Saved entries:
-- Opening Marker --
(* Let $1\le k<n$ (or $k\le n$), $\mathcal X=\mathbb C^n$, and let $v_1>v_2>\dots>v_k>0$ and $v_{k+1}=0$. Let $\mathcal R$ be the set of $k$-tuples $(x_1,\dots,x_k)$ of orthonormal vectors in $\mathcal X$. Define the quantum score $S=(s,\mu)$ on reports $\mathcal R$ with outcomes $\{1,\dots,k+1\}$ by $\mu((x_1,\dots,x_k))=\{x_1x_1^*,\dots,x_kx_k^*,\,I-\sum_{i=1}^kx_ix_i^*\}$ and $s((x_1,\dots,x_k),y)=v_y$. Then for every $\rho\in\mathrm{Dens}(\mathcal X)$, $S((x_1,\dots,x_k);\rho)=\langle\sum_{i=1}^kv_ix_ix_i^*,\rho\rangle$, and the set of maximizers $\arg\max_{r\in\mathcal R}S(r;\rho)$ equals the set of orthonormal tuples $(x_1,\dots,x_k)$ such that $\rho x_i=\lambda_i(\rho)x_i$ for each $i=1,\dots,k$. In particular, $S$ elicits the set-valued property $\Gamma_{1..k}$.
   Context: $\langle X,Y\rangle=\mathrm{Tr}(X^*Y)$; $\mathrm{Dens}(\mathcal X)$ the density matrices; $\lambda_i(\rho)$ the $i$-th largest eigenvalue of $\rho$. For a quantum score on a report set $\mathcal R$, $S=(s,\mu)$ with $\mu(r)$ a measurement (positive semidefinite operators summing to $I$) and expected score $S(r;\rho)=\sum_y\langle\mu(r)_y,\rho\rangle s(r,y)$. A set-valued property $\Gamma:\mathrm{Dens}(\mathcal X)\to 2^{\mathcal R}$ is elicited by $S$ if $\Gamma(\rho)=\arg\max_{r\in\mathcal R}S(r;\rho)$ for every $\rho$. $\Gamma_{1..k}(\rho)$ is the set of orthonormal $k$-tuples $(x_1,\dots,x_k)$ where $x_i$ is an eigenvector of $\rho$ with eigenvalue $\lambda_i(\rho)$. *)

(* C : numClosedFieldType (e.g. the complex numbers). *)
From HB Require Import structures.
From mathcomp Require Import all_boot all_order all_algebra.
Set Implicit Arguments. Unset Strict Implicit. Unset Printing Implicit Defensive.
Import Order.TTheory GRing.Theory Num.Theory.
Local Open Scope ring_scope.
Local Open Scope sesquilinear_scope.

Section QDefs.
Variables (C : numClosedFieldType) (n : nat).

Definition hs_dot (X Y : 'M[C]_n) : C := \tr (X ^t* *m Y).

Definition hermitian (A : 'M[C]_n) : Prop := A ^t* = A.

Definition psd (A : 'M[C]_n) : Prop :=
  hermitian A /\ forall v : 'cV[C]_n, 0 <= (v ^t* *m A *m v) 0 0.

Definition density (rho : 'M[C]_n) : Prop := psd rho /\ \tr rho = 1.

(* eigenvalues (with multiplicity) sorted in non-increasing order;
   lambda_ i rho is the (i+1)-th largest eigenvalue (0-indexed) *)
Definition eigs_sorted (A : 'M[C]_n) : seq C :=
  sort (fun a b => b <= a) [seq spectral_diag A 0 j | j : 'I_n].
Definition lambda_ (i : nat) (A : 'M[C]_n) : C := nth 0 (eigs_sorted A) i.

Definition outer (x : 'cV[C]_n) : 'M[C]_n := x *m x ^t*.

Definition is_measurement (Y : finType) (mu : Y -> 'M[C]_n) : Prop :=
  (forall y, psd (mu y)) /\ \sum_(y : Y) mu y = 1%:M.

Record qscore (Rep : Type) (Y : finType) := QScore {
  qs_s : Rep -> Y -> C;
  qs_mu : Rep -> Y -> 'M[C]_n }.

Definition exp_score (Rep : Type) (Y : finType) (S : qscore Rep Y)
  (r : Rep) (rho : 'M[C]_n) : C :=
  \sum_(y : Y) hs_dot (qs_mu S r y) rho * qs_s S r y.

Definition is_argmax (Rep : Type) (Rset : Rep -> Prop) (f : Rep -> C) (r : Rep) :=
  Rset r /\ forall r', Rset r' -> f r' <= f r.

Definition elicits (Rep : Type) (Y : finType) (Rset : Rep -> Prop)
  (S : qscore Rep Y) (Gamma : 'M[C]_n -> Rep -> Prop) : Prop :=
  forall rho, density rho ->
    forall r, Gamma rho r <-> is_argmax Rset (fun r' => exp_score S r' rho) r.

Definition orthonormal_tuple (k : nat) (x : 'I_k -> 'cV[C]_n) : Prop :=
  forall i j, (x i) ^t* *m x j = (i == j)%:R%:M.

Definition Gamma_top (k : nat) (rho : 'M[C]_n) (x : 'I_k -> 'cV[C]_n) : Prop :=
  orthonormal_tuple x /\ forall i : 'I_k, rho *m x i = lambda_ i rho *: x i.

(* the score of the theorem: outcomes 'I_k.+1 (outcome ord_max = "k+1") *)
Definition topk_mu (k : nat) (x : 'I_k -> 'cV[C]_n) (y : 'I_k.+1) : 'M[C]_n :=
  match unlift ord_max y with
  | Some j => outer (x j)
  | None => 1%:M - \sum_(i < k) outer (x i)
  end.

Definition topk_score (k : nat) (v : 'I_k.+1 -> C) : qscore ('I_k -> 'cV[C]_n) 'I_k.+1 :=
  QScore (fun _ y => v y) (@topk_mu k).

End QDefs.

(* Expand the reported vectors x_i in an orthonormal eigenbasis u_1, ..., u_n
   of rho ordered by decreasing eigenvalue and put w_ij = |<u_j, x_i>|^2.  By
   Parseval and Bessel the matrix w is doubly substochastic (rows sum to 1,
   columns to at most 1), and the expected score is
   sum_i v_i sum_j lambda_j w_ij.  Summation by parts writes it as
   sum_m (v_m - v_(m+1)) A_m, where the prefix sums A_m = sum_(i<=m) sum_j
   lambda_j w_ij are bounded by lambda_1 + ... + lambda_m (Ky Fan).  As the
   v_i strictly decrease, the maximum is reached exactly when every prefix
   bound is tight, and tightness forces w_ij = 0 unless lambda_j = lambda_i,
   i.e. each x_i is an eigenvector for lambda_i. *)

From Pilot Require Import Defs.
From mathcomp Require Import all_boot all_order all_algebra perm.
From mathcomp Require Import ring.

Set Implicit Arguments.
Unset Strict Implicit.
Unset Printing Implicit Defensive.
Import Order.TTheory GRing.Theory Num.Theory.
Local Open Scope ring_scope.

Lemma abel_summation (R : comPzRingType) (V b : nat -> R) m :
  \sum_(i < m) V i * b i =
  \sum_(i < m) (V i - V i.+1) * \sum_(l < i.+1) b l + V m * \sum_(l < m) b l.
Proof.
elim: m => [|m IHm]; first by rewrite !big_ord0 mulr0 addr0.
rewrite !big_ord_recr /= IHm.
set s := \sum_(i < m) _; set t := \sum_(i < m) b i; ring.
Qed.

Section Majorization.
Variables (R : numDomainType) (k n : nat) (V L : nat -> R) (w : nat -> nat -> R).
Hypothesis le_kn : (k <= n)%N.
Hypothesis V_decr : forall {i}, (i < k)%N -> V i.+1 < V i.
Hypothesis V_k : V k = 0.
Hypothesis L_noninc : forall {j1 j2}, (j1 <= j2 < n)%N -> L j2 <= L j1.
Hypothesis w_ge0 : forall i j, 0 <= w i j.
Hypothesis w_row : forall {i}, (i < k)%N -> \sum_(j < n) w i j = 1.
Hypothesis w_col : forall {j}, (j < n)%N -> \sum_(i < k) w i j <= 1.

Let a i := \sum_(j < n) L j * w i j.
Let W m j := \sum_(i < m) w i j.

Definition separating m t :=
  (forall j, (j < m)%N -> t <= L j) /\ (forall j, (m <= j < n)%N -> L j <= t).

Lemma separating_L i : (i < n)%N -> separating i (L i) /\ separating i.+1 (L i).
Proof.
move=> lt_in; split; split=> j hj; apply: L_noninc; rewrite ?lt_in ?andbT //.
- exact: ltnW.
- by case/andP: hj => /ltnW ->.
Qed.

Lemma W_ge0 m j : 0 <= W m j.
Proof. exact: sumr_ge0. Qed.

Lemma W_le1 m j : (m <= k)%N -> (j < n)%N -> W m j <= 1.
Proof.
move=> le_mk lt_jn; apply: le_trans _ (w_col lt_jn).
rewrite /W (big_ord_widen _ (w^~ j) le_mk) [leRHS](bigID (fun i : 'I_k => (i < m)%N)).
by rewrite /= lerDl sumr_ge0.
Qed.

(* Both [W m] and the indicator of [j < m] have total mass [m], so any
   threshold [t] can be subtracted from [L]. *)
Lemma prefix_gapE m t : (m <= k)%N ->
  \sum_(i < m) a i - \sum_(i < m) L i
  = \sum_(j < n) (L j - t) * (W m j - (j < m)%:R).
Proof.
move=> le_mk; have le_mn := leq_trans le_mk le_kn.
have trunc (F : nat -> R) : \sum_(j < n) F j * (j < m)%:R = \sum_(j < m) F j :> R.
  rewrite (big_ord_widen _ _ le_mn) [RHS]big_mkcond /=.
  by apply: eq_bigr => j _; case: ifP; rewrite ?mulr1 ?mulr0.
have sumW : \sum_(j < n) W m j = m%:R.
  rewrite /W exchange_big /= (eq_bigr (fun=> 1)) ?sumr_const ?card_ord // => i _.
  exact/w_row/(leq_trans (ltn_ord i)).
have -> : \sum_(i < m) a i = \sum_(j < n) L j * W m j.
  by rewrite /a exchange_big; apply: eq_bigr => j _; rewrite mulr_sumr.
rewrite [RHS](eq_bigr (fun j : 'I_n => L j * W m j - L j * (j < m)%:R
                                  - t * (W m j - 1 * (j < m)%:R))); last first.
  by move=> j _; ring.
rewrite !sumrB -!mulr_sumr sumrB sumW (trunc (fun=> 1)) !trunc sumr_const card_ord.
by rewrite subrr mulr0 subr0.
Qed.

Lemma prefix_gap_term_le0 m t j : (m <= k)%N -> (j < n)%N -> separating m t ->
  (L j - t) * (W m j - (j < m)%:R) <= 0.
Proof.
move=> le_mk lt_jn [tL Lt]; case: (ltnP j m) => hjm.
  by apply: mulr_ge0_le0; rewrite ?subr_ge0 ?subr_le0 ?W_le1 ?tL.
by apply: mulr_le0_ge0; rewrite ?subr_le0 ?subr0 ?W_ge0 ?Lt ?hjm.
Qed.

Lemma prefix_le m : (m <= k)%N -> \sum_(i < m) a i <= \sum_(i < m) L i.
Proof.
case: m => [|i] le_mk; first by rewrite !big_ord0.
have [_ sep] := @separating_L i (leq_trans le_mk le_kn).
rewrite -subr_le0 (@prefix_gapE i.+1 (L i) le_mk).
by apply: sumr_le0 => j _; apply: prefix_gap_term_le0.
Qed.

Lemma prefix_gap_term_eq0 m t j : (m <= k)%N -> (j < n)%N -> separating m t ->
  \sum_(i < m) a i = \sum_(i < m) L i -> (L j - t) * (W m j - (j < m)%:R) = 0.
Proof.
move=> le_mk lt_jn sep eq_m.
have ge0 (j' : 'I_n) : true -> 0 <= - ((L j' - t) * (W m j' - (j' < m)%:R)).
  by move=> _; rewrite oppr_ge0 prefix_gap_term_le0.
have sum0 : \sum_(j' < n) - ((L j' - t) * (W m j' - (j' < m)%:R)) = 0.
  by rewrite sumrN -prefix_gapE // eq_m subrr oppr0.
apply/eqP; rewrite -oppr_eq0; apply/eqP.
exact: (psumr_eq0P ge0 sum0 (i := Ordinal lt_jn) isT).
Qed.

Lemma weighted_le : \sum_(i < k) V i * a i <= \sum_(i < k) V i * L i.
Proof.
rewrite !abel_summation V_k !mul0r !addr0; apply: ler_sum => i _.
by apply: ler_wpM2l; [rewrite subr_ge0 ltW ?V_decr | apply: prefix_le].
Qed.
-- Closing Marker --
-- Opening Marker --
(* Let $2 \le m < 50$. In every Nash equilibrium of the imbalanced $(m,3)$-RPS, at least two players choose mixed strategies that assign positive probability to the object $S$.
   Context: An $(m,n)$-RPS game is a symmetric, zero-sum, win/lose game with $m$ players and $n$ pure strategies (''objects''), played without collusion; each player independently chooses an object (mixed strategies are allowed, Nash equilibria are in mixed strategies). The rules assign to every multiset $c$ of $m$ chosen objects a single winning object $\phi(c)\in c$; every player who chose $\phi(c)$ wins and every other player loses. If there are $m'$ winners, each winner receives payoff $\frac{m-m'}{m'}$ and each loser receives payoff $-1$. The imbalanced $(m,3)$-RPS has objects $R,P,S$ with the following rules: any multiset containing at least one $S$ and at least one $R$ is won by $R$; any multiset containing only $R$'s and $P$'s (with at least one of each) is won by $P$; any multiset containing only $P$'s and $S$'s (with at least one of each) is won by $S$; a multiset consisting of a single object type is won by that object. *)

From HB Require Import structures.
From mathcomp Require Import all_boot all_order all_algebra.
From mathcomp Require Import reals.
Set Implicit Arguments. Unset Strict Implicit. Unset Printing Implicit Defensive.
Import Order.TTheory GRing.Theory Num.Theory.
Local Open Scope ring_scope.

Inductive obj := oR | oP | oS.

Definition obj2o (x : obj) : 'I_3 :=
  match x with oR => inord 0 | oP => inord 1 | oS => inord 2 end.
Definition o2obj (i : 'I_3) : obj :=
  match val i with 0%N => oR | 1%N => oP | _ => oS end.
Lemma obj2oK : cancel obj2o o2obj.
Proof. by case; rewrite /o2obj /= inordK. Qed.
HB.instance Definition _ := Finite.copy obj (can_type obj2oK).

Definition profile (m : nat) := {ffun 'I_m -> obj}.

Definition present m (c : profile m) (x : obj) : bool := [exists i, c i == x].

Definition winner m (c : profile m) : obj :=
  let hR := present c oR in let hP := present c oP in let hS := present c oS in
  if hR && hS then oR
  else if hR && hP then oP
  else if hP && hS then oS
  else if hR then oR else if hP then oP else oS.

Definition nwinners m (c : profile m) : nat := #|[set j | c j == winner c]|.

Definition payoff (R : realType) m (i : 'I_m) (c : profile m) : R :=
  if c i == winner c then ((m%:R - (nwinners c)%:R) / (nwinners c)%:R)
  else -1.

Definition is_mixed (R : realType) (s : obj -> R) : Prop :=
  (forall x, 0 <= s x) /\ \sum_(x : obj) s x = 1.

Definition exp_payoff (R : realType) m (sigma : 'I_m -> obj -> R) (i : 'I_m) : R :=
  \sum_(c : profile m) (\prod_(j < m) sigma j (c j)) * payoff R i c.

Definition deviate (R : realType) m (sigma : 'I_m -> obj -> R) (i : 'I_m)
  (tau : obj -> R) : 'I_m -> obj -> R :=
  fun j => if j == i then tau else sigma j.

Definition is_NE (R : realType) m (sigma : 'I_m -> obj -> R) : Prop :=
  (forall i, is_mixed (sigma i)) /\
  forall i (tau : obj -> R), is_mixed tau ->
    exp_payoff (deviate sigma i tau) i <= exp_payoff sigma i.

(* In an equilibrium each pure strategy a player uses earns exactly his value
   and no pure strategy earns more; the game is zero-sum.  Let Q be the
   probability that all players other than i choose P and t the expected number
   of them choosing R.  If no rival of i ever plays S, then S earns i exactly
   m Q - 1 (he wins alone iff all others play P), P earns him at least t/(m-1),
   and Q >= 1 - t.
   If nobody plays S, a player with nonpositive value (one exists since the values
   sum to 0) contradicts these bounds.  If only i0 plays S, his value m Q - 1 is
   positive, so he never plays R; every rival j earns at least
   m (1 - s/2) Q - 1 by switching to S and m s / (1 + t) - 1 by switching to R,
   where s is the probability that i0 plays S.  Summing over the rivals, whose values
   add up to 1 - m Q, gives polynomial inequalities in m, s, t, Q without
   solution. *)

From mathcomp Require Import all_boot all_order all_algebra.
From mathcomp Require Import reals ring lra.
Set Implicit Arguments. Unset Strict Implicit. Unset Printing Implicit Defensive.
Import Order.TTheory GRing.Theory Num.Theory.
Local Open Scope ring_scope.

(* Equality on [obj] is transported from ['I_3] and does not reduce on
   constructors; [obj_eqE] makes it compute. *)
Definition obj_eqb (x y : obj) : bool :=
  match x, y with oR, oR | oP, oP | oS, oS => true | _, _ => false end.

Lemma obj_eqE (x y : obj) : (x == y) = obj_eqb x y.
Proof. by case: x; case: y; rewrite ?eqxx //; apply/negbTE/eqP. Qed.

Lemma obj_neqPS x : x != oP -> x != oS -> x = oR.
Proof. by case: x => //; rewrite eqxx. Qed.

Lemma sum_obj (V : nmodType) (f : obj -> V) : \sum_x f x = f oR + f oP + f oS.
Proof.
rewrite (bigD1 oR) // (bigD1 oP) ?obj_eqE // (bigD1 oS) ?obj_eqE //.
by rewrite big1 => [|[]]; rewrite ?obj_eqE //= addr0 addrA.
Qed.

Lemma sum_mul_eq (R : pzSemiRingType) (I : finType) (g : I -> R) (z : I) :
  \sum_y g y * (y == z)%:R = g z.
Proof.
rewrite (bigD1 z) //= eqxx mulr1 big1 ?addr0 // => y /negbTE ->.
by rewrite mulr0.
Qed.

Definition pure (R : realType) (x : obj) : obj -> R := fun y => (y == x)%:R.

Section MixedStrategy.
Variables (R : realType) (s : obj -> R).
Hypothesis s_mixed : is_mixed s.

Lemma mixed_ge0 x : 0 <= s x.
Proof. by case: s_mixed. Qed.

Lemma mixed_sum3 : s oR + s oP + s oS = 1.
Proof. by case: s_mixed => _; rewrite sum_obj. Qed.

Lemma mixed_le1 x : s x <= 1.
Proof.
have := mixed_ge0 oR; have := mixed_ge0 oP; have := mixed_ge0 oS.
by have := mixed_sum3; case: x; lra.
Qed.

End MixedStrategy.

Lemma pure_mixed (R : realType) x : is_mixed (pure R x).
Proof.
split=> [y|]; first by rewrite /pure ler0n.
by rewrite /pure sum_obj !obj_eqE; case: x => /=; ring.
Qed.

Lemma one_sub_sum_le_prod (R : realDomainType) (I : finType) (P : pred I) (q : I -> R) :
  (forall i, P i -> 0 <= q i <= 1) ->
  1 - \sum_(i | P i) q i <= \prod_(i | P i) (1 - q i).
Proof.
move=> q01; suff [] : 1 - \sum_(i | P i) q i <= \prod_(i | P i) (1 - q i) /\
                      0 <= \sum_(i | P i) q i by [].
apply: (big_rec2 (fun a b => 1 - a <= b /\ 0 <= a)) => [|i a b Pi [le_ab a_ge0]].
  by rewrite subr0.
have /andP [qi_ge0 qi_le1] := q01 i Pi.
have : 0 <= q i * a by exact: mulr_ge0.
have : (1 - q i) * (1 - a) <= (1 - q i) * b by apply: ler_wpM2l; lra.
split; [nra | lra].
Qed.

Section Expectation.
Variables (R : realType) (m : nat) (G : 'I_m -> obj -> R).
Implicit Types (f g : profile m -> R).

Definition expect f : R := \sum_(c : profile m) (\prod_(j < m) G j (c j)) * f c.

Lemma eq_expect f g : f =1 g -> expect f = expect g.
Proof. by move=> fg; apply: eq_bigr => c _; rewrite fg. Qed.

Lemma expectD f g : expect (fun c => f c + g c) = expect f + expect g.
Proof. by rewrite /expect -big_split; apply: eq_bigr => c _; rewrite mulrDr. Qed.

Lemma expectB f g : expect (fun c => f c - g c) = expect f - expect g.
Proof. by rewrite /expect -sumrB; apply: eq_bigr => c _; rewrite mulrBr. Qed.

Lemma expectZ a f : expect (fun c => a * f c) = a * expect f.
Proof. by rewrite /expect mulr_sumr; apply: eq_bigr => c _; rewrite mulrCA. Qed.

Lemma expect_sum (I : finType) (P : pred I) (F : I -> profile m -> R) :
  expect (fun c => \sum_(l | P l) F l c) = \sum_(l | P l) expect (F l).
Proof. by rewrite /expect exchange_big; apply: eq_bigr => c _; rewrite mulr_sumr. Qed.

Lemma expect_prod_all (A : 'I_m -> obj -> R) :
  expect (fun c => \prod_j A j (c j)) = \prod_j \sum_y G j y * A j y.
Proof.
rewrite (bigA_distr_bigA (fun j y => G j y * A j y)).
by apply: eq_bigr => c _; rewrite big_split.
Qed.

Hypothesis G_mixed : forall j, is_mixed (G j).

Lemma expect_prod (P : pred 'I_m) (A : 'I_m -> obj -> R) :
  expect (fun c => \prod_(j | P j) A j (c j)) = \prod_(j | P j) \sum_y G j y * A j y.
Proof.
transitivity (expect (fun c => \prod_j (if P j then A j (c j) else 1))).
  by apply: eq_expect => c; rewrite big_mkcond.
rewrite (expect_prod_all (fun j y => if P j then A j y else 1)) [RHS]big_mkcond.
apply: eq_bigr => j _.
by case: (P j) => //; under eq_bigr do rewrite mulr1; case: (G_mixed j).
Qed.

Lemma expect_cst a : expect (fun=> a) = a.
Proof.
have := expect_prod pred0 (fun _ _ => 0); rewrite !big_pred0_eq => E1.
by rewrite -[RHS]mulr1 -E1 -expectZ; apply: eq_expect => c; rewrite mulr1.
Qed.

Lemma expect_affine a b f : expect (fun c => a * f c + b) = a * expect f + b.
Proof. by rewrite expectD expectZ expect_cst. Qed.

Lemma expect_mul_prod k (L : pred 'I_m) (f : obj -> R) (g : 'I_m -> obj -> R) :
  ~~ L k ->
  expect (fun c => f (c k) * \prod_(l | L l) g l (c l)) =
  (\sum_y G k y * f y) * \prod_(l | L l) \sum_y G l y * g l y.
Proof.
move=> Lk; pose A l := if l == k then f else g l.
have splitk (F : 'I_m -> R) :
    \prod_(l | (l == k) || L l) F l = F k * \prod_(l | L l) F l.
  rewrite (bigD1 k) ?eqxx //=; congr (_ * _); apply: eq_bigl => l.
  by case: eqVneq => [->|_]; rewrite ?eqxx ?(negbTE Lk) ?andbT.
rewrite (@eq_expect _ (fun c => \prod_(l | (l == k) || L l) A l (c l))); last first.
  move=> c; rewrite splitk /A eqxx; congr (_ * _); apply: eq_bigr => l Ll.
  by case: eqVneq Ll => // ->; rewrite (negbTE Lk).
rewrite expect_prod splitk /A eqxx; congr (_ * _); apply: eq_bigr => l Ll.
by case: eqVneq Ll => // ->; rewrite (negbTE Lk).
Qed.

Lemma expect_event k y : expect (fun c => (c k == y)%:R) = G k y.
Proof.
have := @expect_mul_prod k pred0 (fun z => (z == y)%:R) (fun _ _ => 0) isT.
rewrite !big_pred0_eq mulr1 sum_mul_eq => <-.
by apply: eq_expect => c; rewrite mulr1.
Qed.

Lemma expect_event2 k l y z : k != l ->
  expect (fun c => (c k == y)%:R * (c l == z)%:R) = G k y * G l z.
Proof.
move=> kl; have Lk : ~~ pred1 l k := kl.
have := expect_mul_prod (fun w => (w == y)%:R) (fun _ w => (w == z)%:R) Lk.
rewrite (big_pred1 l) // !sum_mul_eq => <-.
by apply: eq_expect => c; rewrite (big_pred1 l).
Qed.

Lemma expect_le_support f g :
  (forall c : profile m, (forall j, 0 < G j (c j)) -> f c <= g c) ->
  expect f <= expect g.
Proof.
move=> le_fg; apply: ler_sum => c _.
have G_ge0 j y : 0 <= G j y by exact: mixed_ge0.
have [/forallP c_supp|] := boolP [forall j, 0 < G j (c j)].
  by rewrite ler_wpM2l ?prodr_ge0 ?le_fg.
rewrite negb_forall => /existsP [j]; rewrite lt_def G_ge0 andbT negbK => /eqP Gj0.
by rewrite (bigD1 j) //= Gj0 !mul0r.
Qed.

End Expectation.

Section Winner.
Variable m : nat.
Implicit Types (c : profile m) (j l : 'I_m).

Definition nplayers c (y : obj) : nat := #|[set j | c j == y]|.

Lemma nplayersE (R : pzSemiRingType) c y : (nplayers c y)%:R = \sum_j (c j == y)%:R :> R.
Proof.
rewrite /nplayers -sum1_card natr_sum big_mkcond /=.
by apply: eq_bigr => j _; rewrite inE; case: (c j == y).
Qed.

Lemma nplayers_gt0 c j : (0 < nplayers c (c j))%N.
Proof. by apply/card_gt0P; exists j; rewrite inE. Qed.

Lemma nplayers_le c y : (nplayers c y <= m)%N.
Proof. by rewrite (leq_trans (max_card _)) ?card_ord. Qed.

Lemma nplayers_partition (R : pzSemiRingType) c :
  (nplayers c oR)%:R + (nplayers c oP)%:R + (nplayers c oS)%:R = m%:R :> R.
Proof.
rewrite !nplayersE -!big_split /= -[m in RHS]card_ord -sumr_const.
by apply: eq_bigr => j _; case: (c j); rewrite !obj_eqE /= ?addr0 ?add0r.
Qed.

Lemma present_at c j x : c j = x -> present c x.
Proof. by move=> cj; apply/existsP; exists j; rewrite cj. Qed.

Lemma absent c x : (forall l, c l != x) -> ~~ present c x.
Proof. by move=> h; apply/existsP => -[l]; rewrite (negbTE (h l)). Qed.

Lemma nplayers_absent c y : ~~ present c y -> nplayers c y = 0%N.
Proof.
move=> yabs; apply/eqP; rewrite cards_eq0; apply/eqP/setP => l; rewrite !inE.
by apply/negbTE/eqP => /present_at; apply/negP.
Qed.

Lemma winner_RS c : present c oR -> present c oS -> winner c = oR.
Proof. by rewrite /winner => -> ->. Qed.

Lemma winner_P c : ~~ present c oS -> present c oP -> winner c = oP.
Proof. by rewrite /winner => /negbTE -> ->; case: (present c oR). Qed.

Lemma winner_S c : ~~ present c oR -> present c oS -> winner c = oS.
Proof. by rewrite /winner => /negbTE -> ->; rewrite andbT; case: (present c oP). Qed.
-- Closing Marker --
-- Opening Marker --
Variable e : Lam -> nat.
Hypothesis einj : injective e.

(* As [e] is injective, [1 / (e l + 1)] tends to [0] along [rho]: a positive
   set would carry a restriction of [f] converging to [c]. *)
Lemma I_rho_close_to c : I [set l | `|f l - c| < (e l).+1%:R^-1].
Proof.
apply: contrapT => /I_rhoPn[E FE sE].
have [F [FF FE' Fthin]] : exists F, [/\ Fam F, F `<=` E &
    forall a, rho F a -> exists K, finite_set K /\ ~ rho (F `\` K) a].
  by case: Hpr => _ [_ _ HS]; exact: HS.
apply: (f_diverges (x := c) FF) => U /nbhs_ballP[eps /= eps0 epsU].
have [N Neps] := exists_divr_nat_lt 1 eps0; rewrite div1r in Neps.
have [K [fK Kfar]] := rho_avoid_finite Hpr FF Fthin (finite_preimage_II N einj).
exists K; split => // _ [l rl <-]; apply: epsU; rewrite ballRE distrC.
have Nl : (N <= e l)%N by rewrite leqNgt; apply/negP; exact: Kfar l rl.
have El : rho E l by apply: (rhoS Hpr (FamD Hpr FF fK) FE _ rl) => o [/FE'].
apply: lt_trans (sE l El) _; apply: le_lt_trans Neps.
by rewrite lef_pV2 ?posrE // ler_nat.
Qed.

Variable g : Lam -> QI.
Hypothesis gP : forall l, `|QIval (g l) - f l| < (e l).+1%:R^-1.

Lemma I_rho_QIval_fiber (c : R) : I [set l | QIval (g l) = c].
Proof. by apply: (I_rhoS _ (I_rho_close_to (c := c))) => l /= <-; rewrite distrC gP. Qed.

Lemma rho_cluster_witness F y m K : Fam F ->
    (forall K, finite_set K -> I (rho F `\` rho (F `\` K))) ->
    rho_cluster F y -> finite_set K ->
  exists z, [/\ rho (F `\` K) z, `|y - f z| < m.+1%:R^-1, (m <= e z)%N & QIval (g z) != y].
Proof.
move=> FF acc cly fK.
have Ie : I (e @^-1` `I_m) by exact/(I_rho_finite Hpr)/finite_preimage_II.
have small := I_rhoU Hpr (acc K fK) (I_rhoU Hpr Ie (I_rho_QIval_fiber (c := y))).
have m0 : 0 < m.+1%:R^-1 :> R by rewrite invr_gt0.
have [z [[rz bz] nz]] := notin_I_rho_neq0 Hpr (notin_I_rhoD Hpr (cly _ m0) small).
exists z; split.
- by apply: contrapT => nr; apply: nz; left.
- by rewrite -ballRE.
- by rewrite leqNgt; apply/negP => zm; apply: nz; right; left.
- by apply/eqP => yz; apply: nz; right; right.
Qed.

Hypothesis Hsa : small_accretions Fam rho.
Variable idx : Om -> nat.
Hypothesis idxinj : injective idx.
-- Closing Marker --
TASK STATEMENT: Among the entries above, copy exactly only the lines starting with the one containing "(* Let $1\le" and going through the one containing "Section QDefs.", both ends included.

EXERCISE RESPONSE:
(* Let $1\le k<n$ (or $k\le n$), $\mathcal X=\mathbb C^n$, and let $v_1>v_2>\dots>v_k>0$ and $v_{k+1}=0$. Let $\mathcal R$ be the set of $k$-tuples $(x_1,\dots,x_k)$ of orthonormal vectors in $\mathcal X$. Define the quantum score $S=(s,\mu)$ on reports $\mathcal R$ with outcomes $\{1,\dots,k+1\}$ by $\mu((x_1,\dots,x_k))=\{x_1x_1^*,\dots,x_kx_k^*,\,I-\sum_{i=1}^kx_ix_i^*\}$ and $s((x_1,\dots,x_k),y)=v_y$. Then for every $\rho\in\mathrm{Dens}(\mathcal X)$, $S((x_1,\dots,x_k);\rho)=\langle\sum_{i=1}^kv_ix_ix_i^*,\rho\rangle$, and the set of maximizers $\arg\max_{r\in\mathcal R}S(r;\rho)$ equals the set of orthonormal tuples $(x_1,\dots,x_k)$ such that $\rho x_i=\lambda_i(\rho)x_i$ for each $i=1,\dots,k$. In particular, $S$ elicits the set-valued property $\Gamma_{1..k}$.
   Context: $\langle X,Y\rangle=\mathrm{Tr}(X^*Y)$; $\mathrm{Dens}(\mathcal X)$ the density matrices; $\lambda_i(\rho)$ the $i$-th largest eigenvalue of $\rho$. For a quantum score on a report set $\mathcal R$, $S=(s,\mu)$ with $\mu(r)$ a measurement (positive semidefinite operators summing to $I$) and expected score $S(r;\rho)=\sum_y\langle\mu(r)_y,\rho\rangle s(r,y)$. A set-valued property $\Gamma:\mathrm{Dens}(\mathcal X)\to 2^{\mathcal R}$ is elicited by $S$ if $\Gamma(\rho)=\arg\max_{r\in\mathcal R}S(r;\rho)$ for every $\rho$. $\Gamma_{1..k}(\rho)$ is the set of orthonormal $k$-tuples $(x_1,\dots,x_k)$ where $x_i$ is an eigenvector of $\rho$ with eigenvalue $\lambda_i(\rho)$. *)

(* C : numClosedFieldType (e.g. the complex numbers). *)
From HB Require Import structures.
From mathcomp Require Import all_boot all_order all_algebra.
Set Implicit Arguments. Unset Strict Implicit. Unset Printing Implicit Defensive.
Import Order.TTheory GRing.Theory Num.Theory.
Local Open Scope ring_scope.
Local Open Scope sesquilinear_scope.

Section QDefs.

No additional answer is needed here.